ISSCC, the International Solid-state circuits conference, is the IEEE’s annual showcase for all that is best in on-chip circuit design from across the globe. Thousands of engineers will flock there this week to see hundreds of papers presented on subjects as diverse as picowatt radios and a 0.6Pflop AI processor.

IEEE National Cheng Kung University ISSCC2025 Paper3 audio amplifier
National Cheng Kung University of Taiwan presented a 1.6W audio power amplifier with a 121.3dB dynamic range and 115dB PSNR – high end audio performance to say the least.
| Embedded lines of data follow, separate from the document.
(* x is coded by the pair (index of a piece containing x, position of x in that piece). *)
Lemma union_injects {I : Type} (A : I -> Prop) (F : I -> T -> Prop) k :
  square_injects k -> injects A (below lt k) ->
  (forall i, A i -> injects (F i) (below lt k)) ->
  injects (fun x => exists i, A i /\ F i x) (below lt k).
Proof.
  intros [p [pm pi]] [g [gm gi]] HF.
  destruct (classic (inhabited I)) as [[i0]|nI].
  2: { exists (fun x => x); split; [intros x [i _] | intros x y [i _]];
         exfalso; exact (nI (inhabits i)). }
  assert (Hh : forall i, exists h : T -> T, A i -> (forall x, F i x -> lt (h x) k) /\
      (forall x y, F i x -> F i y -> h x = h y -> x = y)).
  { intro i; destruct (classic (A i)) as [Ai|nAi].
    - destruct (HF i Ai) as [h Hh]; exists h; auto.
    - exists (fun x => x); tauto. }
  destruct (choice _ Hh) as [h hs].
  set (sel := fun x => epsilon (inhabits i0) (fun i => A i /\ F i x)).
  assert (ss : forall x, (exists i, A i /\ F i x) -> A (sel x) /\ F (sel x) x).
  { intros x Hx; apply (epsilon_spec (inhabits i0) (fun i => A i /\ F i x)), Hx. }
  exists (fun x => p (g (sel x), h (sel x) x)); split.
  - intros x Hx; destruct (ss x Hx) as [S1 S2]; apply pm; simpl; split.
    + apply gm, S1.
    + apply (hs _ S1), S2.
  - intros x y Hx Hy E; destruct (ss x Hx) as [S1 S2], (ss y Hy) as [S3 S4].
    apply pi in E; simpl;
      [| split; [apply gm | apply (hs _ S1)] | split; [apply gm | apply (hs _ S3)]]; auto.
    injection E; intros E2 E1; apply gi in E1; auto.
    rewrite <- E1 in E2, S4; apply (hs _ S1); auto.
Qed.

Lemma union2_injects (A B : T -> Prop) k : square_injects k -> le lt omega_ord k ->
  injects A (below lt k) -> injects B (below lt k) -> injects (fun x => A x \/ B x) (below lt k).
Proof.
  intros Hk Hom HA HB.
  apply (injects_subset_l _ (fun x => exists b : bool, True /\ (if b then A x else B x))).
  { intros x [H|H]; [exists true | exists false]; auto. }
  apply union_injects; auto.
  - exists (fun b : bool => nth_ord (if b then 0 else 1)); split.
    + intros b _; eapply lt_le_trans; [apply nth_ord_lt_omega | exact Hom].
    + intros [|] [|] _ _ E; auto; apply nth_ord_inj in E; discriminate.
  - intros [|] _; auto.
Qed.

Lemma omega_union_injects (F : nat -> T -> Prop) k : square_injects k -> le lt omega_ord k ->
  (forall n, injects (F n) (below lt k)) -> injects (fun x => exists n, F n x) (below lt k).
Proof.
  intros Hk Hom HF.
  apply (injects_subset_l _ (fun x => exists n, True /\ F n x)); [intros x [n H]; eauto|].
  apply union_injects; auto.
  eapply injects_below_mono; [exact Hom | apply nat_injects_omega].
Qed.

(** * Cofinality *)

Lemma is_cf_is_card a k : is_cf lt a k -> is_card lt k.
Proof.
  intros [[X [H1 H2]] H3] b Hb Hc; apply (H3 b Hb); exists X; split; auto.
  eapply injects_trans; eauto.
Qed.

Definition cof (a : T) : T :=
  least (fun k => exists X, cofinal_in lt a X /\ card_le X (below lt k)).

Lemma cof_spec a : is_cf lt a (cof a) /\
  exists X, cofinal_in lt a X /\ card_le X (below lt (cof a)).
Proof.
  set (P := fun k => exists X, cofinal_in lt a X /\ card_le X (below lt k)).
  destruct (least_spec P) as [L1 L2].
  { exists a, (below lt a); split; [split|].
    - unfold below; auto.
    - intros b Hb; exists b; split; [exact Hb | apply le_refl].
    - apply injects_refl. }
  split; [split|]; [exact L1 | intros k' Hk' Hn; exact (L2 k' Hn Hk') | exact L1].
Qed.
Lemma Pmax_cover M x : 1 < #|M| -> x \in M -> exists2 A, A \in Pmax c M & x \in A.
Proof.
move=> M_gt1 xM.
pose Q N := [&& is_strong_module c N, N \proper M & x \in N].
have Qx : Q [set x].
  by rewrite /Q is_strong_module_set1 properEcard sub1set xM cards1 M_gt1 set11.
case: (arg_maxnP (fun N : {set T} => #|N|) Qx) => A /and3P[sA pA xA] maxA.
exists A => //; rewrite inE sA pA; apply/forallP=> N; apply/implyP.
case/and3P=> sN pN AN; rewrite eq_sym eqEcard AN; apply: maxA.
by rewrite /Q sN pN (subsetP AN).
Qed.

Definition block M x : {set T} := odflt set0 [pick A in Pmax c M | x \in A].

Lemma blockP M x : 1 < #|M| -> x \in M -> block M x \in Pmax c M /\ x \in block M x.
Proof.
move=> M_gt1 xM; rewrite /block; case: pickP => [A /andP[]|noA] //=.
by case: (Pmax_cover M_gt1 xM) => A PA xA; move: (noA A); rewrite PA xA.
Qed.

(* A realizer of G[M]/P_max(M), with each block standing for its vertex. *)
Definition realizes_quotient M (L : {set T} -> nat) (Q : 'I_k -> {set T} -> nat) :=
  [/\ {in Pmax c M &, injective L}, forall i, {in Pmax c M &, injective (Q i)} &
      forall i A B x y, A \in Pmax c M -> B \in Pmax c M -> x \in A -> y \in B ->
        L B < L A -> (c x y == i) = (Q i A < Q i B)].

Definition lexrank M (f : {set T} -> nat) (g : {set T} -> T -> nat) u :=
  f (block M u) * #|T| + rank (block M u) (g (block M u)) u.

Section Lexrank.
Variables (M : {set T}) (f : {set T} -> nat) (g : {set T} -> T -> nat).
Hypotheses (M_gt1 : 1 < #|M|) (f_inj : {in Pmax c M &, injective f}).

Lemma lexrank_inj :
  (forall A, A \in Pmax c M -> {in A &, injective (g A)}) ->
  {in M &, injective (lexrank M f g)}.
Proof.
move=> g_inj u v uM vM.
have [Bu uB] := blockP M_gt1 uM; have [Bv vB] := blockP M_gt1 vM.
case/(lex_inj (rank_bound _ _ _) (rank_bound _ _ _)) => /f_inj-/(_ Bu Bv) eB.
by rewrite -eB in vB *; apply: rank_inj (g_inj _ Bu) _ _ uB vB.
Qed.

Lemma lexrank_lt u v : u \in M -> v \in M ->
  (lexrank M f g u < lexrank M f g v) =
  if block M u == block M v then g (block M u) u < g (block M u) v
  else f (block M u) < f (block M v).
Proof.
move=> uM vM; have [Bu uB] := blockP M_gt1 uM; have [Bv vB] := blockP M_gt1 vM.
rewrite /lexrank ltn_lex ?rank_bound //.
case: (eqVneq (block M u) (block M v)) => [eB|nB].
  by rewrite -eB in vB *; rewrite ltnn eqxx rank_lt.
have /negbTE-> : f (block M u) != f (block M v) by apply: contra_neq nB; apply: f_inj.
by rewrite orbF.
Qed.

End Lexrank.

Lemma realizes_lex M : 1 < #|M| ->
  (forall A, A \in Pmax c M -> exists l p, realizes A l p) ->
  (exists L Q, realizes_quotient M L Q) -> exists l p, realizes M l p.
Proof.
move=> M_gt1 realA [L [Q [L_inj Q_inj LQE]]].
have [lp lpE] : exists lp : {set T} -> (T -> nat) * ('I_k -> T -> nat),
    forall A, A \in Pmax c M -> realizes A (lp A).1 (lp A).2.
  apply: (functional_choice (fun A lp => A \in Pmax c M -> realizes A lp.1 lp.2)).
  move=> A; case: (boolP (A \in Pmax c M)) => [/realA[l [p Alp]]|_].
    by exists (l, p).
  by exists (fun _ => 0, fun _ _ => 0).
exists (lexrank M L (fun A => (lp A).1)).
exists (fun i => lexrank M (Q i) (fun A => (lp A).2 i)).
split=> [|i|i u v uM vM].
- by apply: lexrank_inj => // A /lpE[].
- by apply: lexrank_inj => // A /lpE[_ p_inj _]; apply: p_inj.
have [Bu uB] := blockP M_gt1 uM; have [Bv vB] := blockP M_gt1 vM.
rewrite !lexrank_lt //; have [eB|nB] := eqVneq (block M v) (block M u).
  by rewrite eB in vB *; case: (lpE _ Bu) => _ _; apply.
exact: LQE.
Qed.

Lemma series_realizes_quotient M (i0 : 'I_k) :
  (forall A B, A \in Pmax c M -> B \in Pmax c M -> A != B ->
    [forall x in A, forall y in B, c x y == i0]) ->
  exists L Q, realizes_quotient M L Q.
Proof.
move=> seriesM; pose L (A : {set T}) := val (enum_rank A).
have L_inj : injective L by move=> A B /val_inj/enum_rank_inj.
have L_bound A : L A < #|{set T}| by apply: ltn_ord.
(* all edges between blocks have color i0: reverse L for i0, keep L otherwise *)
exists L, (fun i A => if i == i0 then #|{set T}| - L A else L A).
split=> [A B _ _ /L_inj //|i A B _ _|i A B x y PA PB xA yB BA] /=.
  by have := L_bound A; have := L_bound B; case: (i == i0) => ? ? ?; apply: L_inj; lia.
have AB : A != B by apply: contraTneq BA => ->; rewrite ltnn.
move: (seriesM A B PA PB AB) => /forall_inP/(_ x xA)/forall_inP/(_ y yB)/eqP->.
have := L_bound A; have := L_bound B.
case: eqVneq => [_ ? ?|_ _ _]; first by symmetry; apply/idP; lia.
by symmetry; apply/negbTE; rewrite -leqNgt ltnW.
Qed.

Section Symmetric.
Hypothesis c_sym : symmetric_coloring c.

Lemma module_color_const A B x x' y y' :
  is_module c A -> is_module c B -> [disjoint A & B] ->
  x \in A -> x' \in A -> y \in B -> y' \in B -> c x y = c x' y'.
Proof.
move=> /forallP modA /forallP modB AB xA x'A yB y'B.
have yA : y \notin A by rewrite (disjointFl AB yB).
have x'B : x' \notin B by rewrite disjoint_sym in AB; rewrite (disjointFl AB x'A).
have x'y : x' != y by apply: contraNneq yA => <-.
have x'y' : x' != y' by apply: contraNneq x'B => ->.
have := modA y; rewrite yA => /forall_inP/(_ x xA)/forall_inP/(_ x' x'A)/eqP->.
rewrite c_sym // [c x' y']c_sym //.
by have := modB x'; rewrite x'B => /forall_inP/(_ y yB)/forall_inP/(_ y' y'B)/eqP->.
Qed.

Lemma quotient_class_color M (a b : {X | X \in Pmax c M}) i x y :
  a != b -> x \in val a -> y \in val b -> quotient_class c M i a b = (c x y == i).
Proof.
case: a b => [A PA] [B PB] /= ab xA yB.
have AB : [disjoint A & B].
  apply/pred0P=> z /=; apply/negP=> /andP[zA zB].
  have eAB := Pmax_meet PA PB zA zB; move: PB ab; rewrite -eAB => PB.
  by rewrite (bool_irrelevance PB PA) eqxx.
case/PmaxP: (PA) => /and3P[_ modA _] _ _; case/PmaxP: (PB) => /and3P[_ modB _] _ _.
apply/exists_inP/idP=> [[x' x'A /exists_inP[y' y'B]]|cxy].
  by rewrite (module_color_const modA modB AB xA x'A yB y'B).
by exists x => //; apply/exists_inP; exists y.
Qed.

Lemma cepg_realizes_quotient M :
  is_cepg_rel (quotient_class c M) -> exists L Q, realizes_quotient M L Q.
Proof.
move=> [l [l_bij [pi lpiE]]].
have insubE A (PA : A \in Pmax c M) : insub A = Some (exist _ A PA).
  exact: (insubT (fun X => X \in Pmax c M) PA).
exists (fun A => if insub A is Some a then val (l a) else 0).
exists (fun i A => if insub A is Some a then val ((pi i)^-1%g (l a)) else 0).
split=> [A B PA PB|i A B PA PB|i A B x y PA PB xA yB]; rewrite !insubE.
- by move=> /val_inj/(bij_inj l_bij)/(congr1 val).
- by move=> /val_inj/perm_inj/(bij_inj l_bij)/(congr1 val).
move=> lt; have ab : exist _ A PA != exist _ B PB.
  by apply: contraTneq lt => ->; rewrite ltnn.
rewrite -(quotient_class_color i ab xA yB).
by apply/idP/idP => /(lpiE i _ _ lt) h; exact h.
Qed.

Lemma strong_module_realizable :
  (forall M, is_prime c M -> 2 <= #|M| -> is_cepg_rel (quotient_class c M)) ->
  forall M, is_strong_module c M -> exists l p, realizes M l p.
Proof.
move=> prime_cepg M; have [n] := ubnP #|M|; elim: n M => // n IH M M_lt sM.
have [M_le1|M_gt1] := leqP #|M| 1; first by do 2!eexists; apply: realizes_small.
apply: realizes_lex (M_gt1) _ _.
  by move=> A /PmaxP[sA /proper_card AM _]; apply: IH sA; lia.
have [[_ [_ [_ [i0 seriesM]]]]|not_series] := classic (is_series c M).
  exact: series_realizes_quotient seriesM.
by apply: cepg_realizes_quotient; apply: prime_cepg M_gt1; split.
Qed.

End Symmetric.

Lemma realizes_is_cepg l p : realizes [set: T] l p -> is_cepg c.
Proof.
move/realizes_rank=> [l_inj p_inj lpE].
pose lo u : 'I_#|T| := Ordinal (rank_bound [set: T] l u).
have lo_bij : bijective lo.
  apply: inj_card_bij; last by rewrite card_ord.
  by move=> u v /(congr1 val) /= /l_inj; apply; rewrite inE.
case: (lo_bij) => g loK gK.
pose sg i j : 'I_#|T| := Ordinal (rank_bound [set: T] (p i) (g j)).
have sg_inj i : injective (sg i).
  move=> j j' /(congr1 val)/(p_inj i); rewrite !inE => /(_ isT isT)/(congr1 lo).
  by rewrite !gK.
exists lo; split=> //; exists (fun i => (perm (sg_inj i))^-1%g) => i u v lt.
by rewrite invgK !permE /sg /= !loK /color_class (lpE i u v) ?inE.
Qed.

End ModularDecomposition.

Theorem proposition4p10 (T : finType) (k : nat) (c : T -> T -> 'I_k) :
  symmetric_coloring c -> colors_used c ->
  (forall M : {set T}, is_prime c M -> 2 <= #|M| ->
     is_cepg_rel (quotient_class c M)) ->
  is_cepg c.
Proof.
move=> c_sym _ prime_cepg.
have [l [p realT]] : exists l p, realizes c [set: T] l p.
  have [T_le1|T_gt1] := leqP #|[set: T]| 1.
    by do 2!eexists; apply: realizes_small.
  apply: strong_module_realizable => //; apply: is_strong_moduleT.
  by rewrite -card_gt0 ltnW.
exact: realizes_is_cepg realT.
Qed.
It runs from 2.5 to 4.2V – not enough to deliver the necessary power into the intended 8Ω load.

IEEE National Cheng Kung University ISSCC2025 Paper3 audio amplifier

Rather than having an external boost converter to produce enough volts, this design adds just two mosfets and an inductor to the Class-D output structure (see diagram) to make it self-boosting for signal peaks.

Boosting is up to 2x, although output was limited to 5.5V peak, which is the limit of the output transistors.

Overall power efficiency is 87%, rather than an estimated 80% if a separate boost converter was used.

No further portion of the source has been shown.